Basically, there are different types of possible shares. First, an each exact match has two or more work area functions that are exactly the same. Second, a partial match has one work area function that is a subset of another. Third, an intersection has some overlapping between two work area functions, but they are not subset of each other. Such functions can share these work areas because they can be computed from the same work area.
To implement the invention in a relational database program, such as DB2, for each algebraic function, a work area column (of type Bit Data) which may contain multiple logical fields is created. Thus, the invention provides a work area approach for incremental algebraic AST maintenance, in particular, the association of a work area with each algebraic function. Then, the maintenance of the algebraic function turns to the maintenance of its corresponding work area.
With the invention, the association of a work area for each algebraic function makes the aggregate algebraic function incrementally maintainable. Also, the invention designs a framework in the query compilation phase for incremental maintenance of the algebraic functions in AST. The invention addresses precision errors of incremental maintenance by incrementally maintaining estimates of the errors. Also, the invention generalizes the solutions and framework to any algebraic functions, even user defined aggregates.
One benefit of the invention is performance. The invention permits incremental maintenance of ASTs with algebraic functions. Incremental maintenance is often much more efficient than full recomputation.

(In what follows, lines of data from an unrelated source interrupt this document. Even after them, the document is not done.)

(* In the finite-inventory setting described in the context, for every season $n$ and period $t\in\{1,\dots,T\}$, \[ |\Delta_t^n|\le 2\|\widehat V_n-V^*\|_\infty+(T-t+1)\,R_{\max}\,\delta_n . \]
   Context: States are $x=(s,t)$ with $s\in\{0,\dots,C\}$, $t\in\{1,\dots,T+1\}$; $\mathcal{X}$ is the set of all states with $t\le T+1$. From state $(s,t)$, a price $p\in[p_l,p_h]$ ($0<p_l<p_h$) yields sales $q\in\{0,\dots,s\}$ with true probability $P(q\mid s,p)$, reward $pq$, next state $(s-q,t+1)$. $R_{\max}=p_hC$. $V^*(s,T+1)=0$, $V^*(s,t)=\max_{p}\sum_{q=0}^sP(q\mid s,p)[pq+V^*(s-q,t+1)]$. For season $n$, $\widehat P_n(\cdot\mid s,p)$ is an estimated sales distribution on $\{0,\dots,s\}$ (obtained by discretizing a Gaussian with the GP posterior mean and variance at $p$), $\widehat V_n(s,T+1)=0$, $\widehat V_n(s,t)=\max_{p}\sum_{q=0}^s\widehat P_n(q\mid s,p)[pq+\widehat V_n(s-q,t+1)]$, and the policy $\psi$ in season $n$ selects at $(s,t)$ a price attaining this maximum. $\|\widehat V_n-V^*\|_\infty=\max_{x\in\mathcal{X}}|\widehat V_n(x)-V^*(x)|$, and $\delta_n=\sup_{(s,t)\in\mathcal{X},\,p\in[p_l,p_h]}\|\widehat P_n(\cdot\mid s,p)-P(\cdot\mid s,p)\|_1$. In season $n$, the random states $X_t^n=(S_t^n,t)$ evolve under $P$ with prices from $\psi$, starting at $X_1^n=(C,1)$, with rewards $r_t^n$; $\mathbb{E}_\psi$ is the corresponding expectation, and $\Delta_t^n=\mathbb{E}_\psi\big[V^*(X_t^n)-\mathbb{E}_\psi[r_t^n+V^*(X_{t+1}^n)\mid X_t^n]\big]$. *)

From mathcomp Require Import all_boot all_order all_algebra.
From mathcomp Require Import boolp classical_sets reals.
Set Implicit Arguments. Unset Strict Implicit. Unset Printing Implicit Defensive.
Import Order.TTheory GRing.Theory Num.Theory.
Local Open Scope classical_set_scope.
Local Open Scope ring_scope.

(* A sales kernel K : q -> s -> p -> R, K q s p = probability of selling q
   units when s units are on hand and price p is posted. *)

(* One-step value of posting price p in inventory s, with continuation W
   (W s' = value of the next state (s', t+1)):
   sum_{q=0}^s K(q|s,p) [p q + W(s - q)]. *)
Definition Qval (R : realType) (K : nat -> nat -> R -> R) (W : nat -> R)
  (s : nat) (p : R) : R :=
  \sum_(q < s.+1) K q s p * (p * q%:R + W (s - q)%N).

(* Value with k periods remaining: Bellman recursion, max (= sup) over
   prices in [pl, ph]. *)
Fixpoint Vrem (R : realType) (pl ph : R) (K : nat -> nat -> R -> R)
  (k : nat) (s : nat) : R :=
  match k with
  | 0 => 0
  | k'.+1 => sup [set x | exists2 p : R, pl <= p <= ph &
                          x = Qval K (Vrem pl ph K k') s p]
  end.

(* V(s,t) for t in {1,...,T+1}: V(s,T+1) = 0 and the Bellman recursion. *)
Definition Vfun (R : realType) (T : nat) (pl ph : R) (K : nat -> nat -> R -> R)
  (s t : nat) : R := Vrem pl ph K (T.+1 - t) s.

Definition is_sales_kernel (R : realType) (C : nat) (pl ph : R)
  (K : nat -> nat -> R -> R) : Prop :=
  forall (s : nat) (p : R), (s <= C)%N -> pl <= p <= ph ->
    (forall q : nat, (q <= s)%N -> 0 <= K q s p) /\
    \sum_(q < s.+1) K q s p = 1.

Definition greedy_policy (R : realType) (C T : nat) (pl ph : R)
  (Khat : nat -> nat -> R -> R) (psi : nat -> nat -> R) : Prop :=
  forall s t : nat, (s <= C)%N -> (1 <= t <= T)%N ->
    pl <= psi s t <= ph /\
    Qval Khat (fun s' => Vfun T pl ph Khat s' t.+1) s (psi s t)
      = Vfun T pl ph Khat s t.

(* Law of S_{k+1} for the inventory chain run under the true kernel K with
   prices psi, started at S_1 = C: muk k s = Pr(S_{k+1} = s). *)
Fixpoint muk (R : realType) (C : nat) (K : nat -> nat -> R -> R)
  (psi : nat -> nat -> R) (k : nat) : nat -> R :=
  match k with
  | 0 => fun s => (s == C)%:R
  | k'.+1 => fun s' =>
      \sum_(s < C.+1) muk C K psi k' s *
        (if (s' <= s)%N then K (s - s')%N s (psi s k'.+1) else 0)
  end.

Definition state_law (R : realType) (C : nat) (K : nat -> nat -> R -> R)
  (psi : nat -> nat -> R) (t : nat) : nat -> R := muk C K psi t.-1.

(* Delta_t = E_psi[ V*(X_t) - E_psi[r_t + V*(X_{t+1}) | X_t] ], where
   E[r_t + V*(X_{t+1}) | X_t = (s,t)] = Qval K V*(.,t+1) s (psi s t). *)
Definition Delta (R : realType) (C T : nat) (pl ph : R)
  (K : nat -> nat -> R -> R) (psi : nat -> nat -> R) (t : nat) : R :=
  \sum_(s < C.+1) state_law C K psi t s *
    (Vfun T pl ph K s t - Qval K (fun s' => Vfun T pl ph K s' t.+1) s (psi s t)).

(* sup-norm over X = {0..C} x {1..T+1} *)
Definition supnorm (R : realType) (C T : nat) (V W : nat -> nat -> R) : R :=
  \big[Num.max/0]_(s < C.+1) \big[Num.max/0]_(t < T.+1)
     `|V s t.+1 - W s t.+1|.

Definition kernel_dist (R : realType) (C T : nat) (pl ph : R)
  (K Khat : nat -> nat -> R -> R) : R :=
  sup [set d | exists s t : nat, exists2 p : R,
         [/\ (s <= C)%N, (1 <= t <= T.+1)%N & pl <= p <= ph] &
         d = \sum_(q < s.+1) `|Khat q s p - K q s p|].

From mathcomp Require Import all_boot all_order all_algebra.
From mathcomp Require Import boolp classical_sets reals.
From mathcomp Require Import ring.
Set Implicit Arguments.
Unset Strict Implicit.
Unset Printing Implicit Defensive.
Import Order.TTheory GRing.Theory Num.Theory.
Local Open Scope classical_set_scope.
Local Open Scope ring_scope.

(* Write Vs for the true value function, Vh for the one computed from the
   estimated kernel Ph, and Q_K(W)(s,p) for the one-step value [Qval].  Since
   psi is greedy for Ph, Vh(s,t) = Q_Ph(Vh)(s,psi), so the Bellman error of psi
   at (s,t) splits as
     Vs(s,t) - Q_P(Vs)(s,psi) = (Vs - Vh)(s,t) + (Q_Ph - Q_P)(Vh)(s,psi)
                                + Q_P(Vh - Vs)(s,psi).
   The first and last terms are at most ||Vh - Vs||; the middle one is at most
   ||Ph - P||_1 times a bound on reward plus continuation, which is
   (T - t + 1) R_max because at most T - t periods remain after t.  Delta_t
   averages this pointwise bound over the law of X_t. *)

Section WeightedSums.

Variables (R : numDomainType) (I : finType) (w : I -> R).
Hypotheses (w_ge0 : forall i, 0 <= w i) (w_sum1 : \sum_i w i = 1).

Lemma wsum_le (f : I -> R) (M : R) :
  (forall i, f i <= M) -> \sum_i w i * f i <= M.
Proof.
move=> fM; apply: le_trans (ler_sum _ (fun i _ => ler_wpM2l (w_ge0 i) (fM i))) _.
by rewrite -mulr_suml w_sum1 mul1r.
Qed.

Lemma wsum_ge (f : I -> R) (L : R) :
  (forall i, L <= f i) -> L <= \sum_i w i * f i.
Proof.
move=> Lf; apply: le_trans (ler_sum _ (fun i _ => ler_wpM2l (w_ge0 i) (Lf i))).
by rewrite -mulr_suml w_sum1 mul1r.
Qed.

Lemma norm_wsum_le (f : I -> R) (M : R) :
  (forall i, `|f i| <= M) -> `|\sum_i w i * f i| <= M.
Proof.
move=> fM; apply: le_trans (ler_norm_sum _ _ _) _.
under eq_bigr => i _ do rewrite normrM (ger0_norm (w_ge0 i)).
exact: wsum_le.
Qed.

End WeightedSums.

Lemma sup_bounds (R : realType) (S : set R) (L M : R) :
  S !=set0 -> (forall x, S x -> L <= x <= M) -> L <= sup S <= M.
Proof.
move=> [x Sx] SLM; have S_ub : has_ubound S by exists M => y /SLM /andP[].
apply/andP; split; last by apply: ge_sup; [exists x | move=> y /SLM /andP[]].
have /andP[Lx _] := SLM x Sx.
by apply: le_trans Lx (sup_upper_bound _ Sx); split; [exists x|].
Qed.

Section OneStepValue.

Variables (R : realType) (K : nat -> nat -> R -> R) (s : nat) (p : R).
Hypotheses (K_ge0 : forall q, (q <= s)%N -> 0 <= K q s p)
           (K_sum1 : \sum_(q < s.+1) K q s p = 1).

Let K_ge0_ord (q : 'I_s.+1) : 0 <= K q s p := K_ge0 (ltn_ord q).

Lemma Qval_bounds (W : nat -> R) (L M : R) :
  (forall q, (q <= s)%N -> L <= p * q%:R + W (s - q)%N <= M) ->
  L <= Qval K W s p <= M.
Proof.
move=> LM; rewrite /Qval; apply/andP; split.
- by apply: (wsum_ge K_ge0_ord K_sum1) => q; case/andP: (LM q (ltn_ord q)).
- by apply: (wsum_le K_ge0_ord K_sum1) => q; case/andP: (LM q (ltn_ord q)).
Qed.

Lemma norm_QvalB_le (W W' : nat -> R) (e : R) :
  (forall s', (s' <= s)%N -> `|W s' - W' s'| <= e) ->
  `|Qval K W s p - Qval K W' s p| <= e.
Proof.
move=> WW'; rewrite /Qval -sumrB.
under eq_bigr => q _ do rewrite -mulrBr (addrC (p * _)) addrKA.
by apply: (norm_wsum_le K_ge0_ord K_sum1) => q; apply/WW'/leq_subr.
Qed.

End OneStepValue.

Lemma norm_QvalB_kernel_le (R : realType) (K1 K2 : nat -> nat -> R -> R)
    (W : nat -> R) (s : nat) (p M : R) :
  (forall q, (q <= s)%N -> `|p * q%:R + W (s - q)%N| <= M) ->
  `|Qval K1 W s p - Qval K2 W s p|
    <= M * \sum_(q < s.+1) `|K1 q s p - K2 q s p|.
Proof.
move=> rM; rewrite /Qval -sumrB mulr_sumr.
apply: le_trans (ler_norm_sum _ _ _) (ler_sum _ _) => q _.
by rewrite -mulrBl normrM mulrC ler_wpM2r // rM // -ltnS.
Qed.

Lemma Vrem_bounds (R : realType) (C : nat) (pl ph : R)
    (K : nat -> nat -> R -> R) :
  0 <= pl -> pl <= ph -> is_sales_kernel C pl ph K ->
  forall k s, (s <= C)%N -> 0 <= Vrem pl ph K k s <= k%:R * (ph * C%:R).
Proof.
move=> pl_ge0 pl_le_ph HK; elim=> [|k IHk] s sC /=; first by rewrite mul0r lexx.
apply: sup_bounds.
  by exists (Qval K (Vrem pl ph K k) s pl); exists pl; rewrite ?lexx ?pl_le_ph.
move=> _ [p /[dup] p_range /andP[plp pph] ->].
have [K_ge0 K_sum1] := HK s p sC p_range.
apply: Qval_bounds => // q qs.
have /andP[W_ge0 W_le] := IHk (s - q)%N (leq_trans (leq_subr _ _) sC).
have p_ge0 : 0 <= p := le_trans pl_ge0 plp.
rewrite addr_ge0 ?mulr_ge0 //= -addn1 natrD mulrDl mul1r addrC lerD //.
by rewrite ler_pM // ler_nat (leq_trans qs).
Qed.

Lemma l1_dist_le2 (R : realType) (K1 K2 : nat -> nat -> R -> R)
    (s : nat) (p : R) :
  (forall q, (q <= s)%N -> 0 <= K1 q s p) -> \sum_(q < s.+1) K1 q s p = 1 ->
  (forall q, (q <= s)%N -> 0 <= K2 q s p) -> \sum_(q < s.+1) K2 q s p = 1 ->
  \sum_(q < s.+1) `|K1 q s p - K2 q s p| <= 2.
Proof.
move=> K1_ge0 K1_sum1 K2_ge0 K2_sum1.
apply: (@le_trans _ _ (\sum_(q < s.+1) (K1 q s p + K2 q s p))).
  apply: ler_sum => q _; apply: le_trans (ler_normB _ _) _.
  by rewrite !ger0_norm ?K1_ge0 ?K2_ge0 // -ltnS.
by rewrite big_split /= K1_sum1 K2_sum1.
Qed.

Lemma le_kernel_dist (R : realType) (C T : nat) (pl ph : R)
    (K Kh : nat -> nat -> R -> R) (s t : nat) (p : R) :
  is_sales_kernel C pl ph K -> is_sales_kernel C pl ph Kh ->
  (s <= C)%N -> (1 <= t <= T.+1)%N -> pl <= p <= ph ->
  \sum_(q < s.+1) `|Kh q s p - K q s p| <= kernel_dist C T pl ph K Kh.
Proof.
move=> HK HKh sC tT p_range; apply: sup_upper_bound; last by exists s, t, p.
split; first by exists (\sum_(q < s.+1) `|Kh q s p - K q s p|), s, t, p.
exists 2 => _ [s' [t' [p' [s'C _ p'_range] ->]]].
have [K_ge0 K_sum1] := HK s' p' s'C p'_range.
have [Kh_ge0 Kh_sum1] := HKh s' p' s'C p'_range.
exact: l1_dist_le2.
Qed.

Lemma le_supnorm (R : realType) (C T : nat) (V W : nat -> nat -> R)
    (s t : nat) :
  (s <= C)%N -> (1 <= t <= T.+1)%N -> `|V s t - W s t| <= supnorm C T V W.
Proof.
move=> sC /andP[t_ge1 tT]; rewrite -(prednK t_ge1) in tT *.
apply: le_trans (le_bigmax _ _ (Ordinal (sC : s < C.+1)%N)).
exact: le_trans (le_bigmax _ _ (Ordinal tT)).
Qed.

Lemma sum_if_leq_sub (R : realType) (C s : nat) (f : nat -> R) : (s <= C)%N ->
  \sum_(s' < C.+1) (if (s' <= s)%N then f (s - s')%N else 0)
    = \sum_(q < s.+1) f q.
Proof.
move=> sC; rewrite -big_mkcond /=.
rewrite -(big_ord_widen C.+1 (fun i => f (s - i)%N) (sC : s < C.+1)%N).
rewrite (reindex_inj rev_ord_inj) /=; apply: eq_bigr => i _.
by rewrite subSS subKn // -ltnS.
Qed.

Lemma muk_distr (R : realType) (C T : nat) (pl ph : R)
    (K : nat -> nat -> R -> R) (psi : nat -> nat -> R) :
  is_sales_kernel C pl ph K ->
  (forall s j, (s <= C)%N -> (1 <= j <= T)%N -> pl <= psi s j <= ph) ->
  forall k, (k <= T)%N ->
  (forall s, 0 <= muk C K psi k s) /\ \sum_(s < C.+1) muk C K psi k s = 1.
Proof.
move=> HK psi_range; elim=> [|k IHk] kT /=.
  split=> [s|]; first by rewrite ler0n.
  rewrite (bigD1 ord_max) //= eqxx big1 ?addr0 // => i /negbTE.
  by rewrite -val_eqE /= => ->.
have [mu_ge0 mu_sum1] := IHk (ltnW kT).
have K_distr (s : 'I_C.+1) :=
  HK s (psi s k.+1) (ltnSE (ltn_ord s)) (psi_range s k.+1 (ltnSE (ltn_ord s)) kT).
split=> [s'|].
  apply: sumr_ge0 => s _; rewrite mulr_ge0 //.
  by case: ifP => // _; rewrite (K_distr s).1 ?leq_subr.
rewrite exchange_big /= -mu_sum1; apply: eq_bigr => s _.
rewrite -mulr_sumr (sum_if_leq_sub (fun q => K q s _)) ?(K_distr s).2 ?mulr1 //.
by rewrite -ltnS.
Qed.

Section BellmanError.

Variables (R : realType) (C T : nat) (pl ph : R) (P Ph : nat -> nat -> R -> R)
  (psi : nat -> nat -> R).
Hypotheses (pl_ge0 : 0 <= pl) (pl_le_ph : pl <= ph)
  (P_kernel : is_sales_kernel C pl ph P)
  (Ph_kernel : is_sales_kernel C pl ph Ph)
  (psi_greedy : greedy_policy C T pl ph Ph psi).

Local Notation Vs := (Vfun T pl ph P).
Local Notation Vh := (Vfun T pl ph Ph).

Lemma norm_reward_Vh_le (s t : nat) (p : R) :
  (s <= C)%N -> (t <= T)%N -> pl <= p <= ph -> forall q, (q <= s)%N ->
  `|p * q%:R + Vh (s - q)%N t.+1| <= (T.+1 - t)%:R * (ph * C%:R).
Proof.
move=> sC tT /andP[plp pph] q qs; have p_ge0 : 0 <= p := le_trans pl_ge0 plp.
have /andP[Vh_ge0 Vh_le] := Vrem_bounds pl_ge0 pl_le_ph Ph_kernel (T.+1 - t.+1)
  (leq_trans (leq_subr q s) sC).
rewrite ger0_norm ?addr_ge0 ?mulr_ge0 // subSn // -nat1r mulrDl mul1r lerD //.
by rewrite ler_pM // ler_nat (leq_trans qs).
Qed.

Lemma bellman_error_le (s t : nat) : (s <= C)%N -> (1 <= t <= T)%N ->
  `|Vs s t - Qval P (Vs ^~ t.+1) s (psi s t)|
    <= 2 * supnorm C T Vh Vs
       + (T.+1 - t)%:R * (ph * C%:R) * kernel_dist C T pl ph P Ph.
Proof.
move=> sC /[dup] t_range /andP[t_ge1 tT].
have [p_range Vh_greedy] := psi_greedy sC t_range.
have [P_ge0 P_sum1] := P_kernel sC p_range.
set p := psi s t in p_range Vh_greedy *.
have t_le : (1 <= t <= T.+1)%N by rewrite t_ge1 ltnW.
have tS_le : (1 <= t.+1 <= T.+1)%N by rewrite ltnS.
have -> : Vs s t - Qval P (Vs ^~ t.+1) s p =
    (Vs s t - Vh s t) + (Qval Ph (Vh ^~ t.+1) s p - Qval P (Vh ^~ t.+1) s p)
    + (Qval P (Vh ^~ t.+1) s p - Qval P (Vs ^~ t.+1) s p).
  by rewrite -Vh_greedy; ring.
set N := supnorm C T Vh Vs; set MD := _ * kernel_dist _ _ _ _ _ _.
rewrite (_ : 2 * N + MD = N + MD + N); last by ring.
apply: le_trans (ler_normD _ _) (lerD _ _).
  apply: le_trans (ler_normD _ _) (lerD _ _); first by rewrite distrC le_supnorm.
  apply: le_trans (norm_QvalB_kernel_le Ph P (norm_reward_Vh_le sC tT p_range)) _.
  rewrite /MD ler_wpM2l ?mulr_ge0 ?(le_trans pl_ge0 pl_le_ph) //.
  exact: le_kernel_dist P_kernel Ph_kernel sC t_le p_range.
apply: (norm_QvalB_le P_ge0 P_sum1) => s' s's.
by rewrite le_supnorm ?(leq_trans s's sC).
Qed.

End BellmanError.

Theorem lemma3 (R : realType) (C T : nat) (pl ph : R)
  (P : nat -> nat -> R -> R) (Phat : nat -> nat -> nat -> R -> R)
  (psi : nat -> nat -> nat -> R) (n t : nat) :
  0 < pl -> pl < ph ->
  is_sales_kernel C pl ph P ->
  is_sales_kernel C pl ph (Phat n) ->
  greedy_policy C T pl ph (Phat n) (psi n) ->
  (1 <= t <= T)%N ->
  `| Delta C T pl ph P (psi n) t |
    <= 2 * supnorm C T (Vfun T pl ph (Phat n)) (Vfun T pl ph P)
       + (T.+1 - t)%:R * (ph * C%:R) * kernel_dist C T pl ph P (Phat n).
Proof.
move=> /ltW pl_ge0 /ltW pl_le_ph HP HPh psi_greedy /[dup] t_range /andP[_ tT].
have psi_range s j : (s <= C)%N -> (1 <= j <= T)%N -> pl <= psi n s j <= ph.
  by move=> sC jT; case: (psi_greedy s j sC jT).
have [mu_ge0 mu_sum1] := muk_distr HP psi_range (leq_trans (leq_pred t) tT).
rewrite /Delta /state_law.
apply: (norm_wsum_le (fun s : 'I_C.+1 => mu_ge0 s) mu_sum1) => s.
exact: bellman_error_le (ltnSE (ltn_ord s)) t_range.
Qed.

ASTs are used to improve query performance.
While the invention has been described in terms of preferred embodiments, those skilled in the art will recognize that the invention can be practiced with modification within the spirit and scope of the appended claims.
1. J. A. Blakeley et al., “Efficiently Updating Materialized Views”, Proceedings of SIGMOD, pp. 61-71, 1986.
2. J. Gray et al., “Data Cube: A Relational Aggregation Operator Generalizing Group-By, Cross-Tab, and Sub-Total,” In Proceedings of IEEE International Conference on Data Engineering, pp. 152-159, 1996.
3. A. Gupta et al, “Maintenance of Materialized Views: Problems, Techniques, and Applications,” IEEE Data Engineering Bulletin, Special Issue on Materialized Views and Warehousing, 18(2): 3-19, 1995.
4. I. Mumick et al., “Maintenance of Data Cubes and Summary Tables in a Warehouse,” In Proceedings of SIGMOD, May, 1997.
5. T. Palpanas et al., “Selective Recomputation for Non-Distributive Aggregate Functions,” In Proceedings of VLDB, 2002.
6. K. Salem et al., “How to Roll a Join: Asynchronous Incremental View Maintenance,” In Proceedings of SIGMOD, PP. 129-140, 2000.
7. Y. Zhuge et al., “View Maintenance in a Warehousing Environment,” In Proceedings of SIGMOD, PP. 316-327, May, 1995.
The present application is related to pending U.S. patent application Ser. No. 09/453,892, filed Dec. 2, 1999 to Roberta Cochrane et al., entitled “Incremental Maintenance of Summary Tables with Complex Grouping Expressions,” having (IBM) Docket No. AM9-99-0231; U.S. patent application Ser. No. 10/335,376 filed Dec. 30, 2002 to Roberta Cochrane et al., entitled “System and Method For Incrementally Maintaining Non-Distributive Aggregate Functions In a Relational Database,” having (IBM) Docket No. ARC920030030US1; and Canada Patent Application No. 241 4983 filed in Canada on Dec. 23, 2003, entitled “Independent Deferred Incremental Refresh of Materialized Views”, having (IBM) Docket No. CA9-2002-0036. The foregoing applications are assigned to the present assignee, and are all incorporated herein by reference.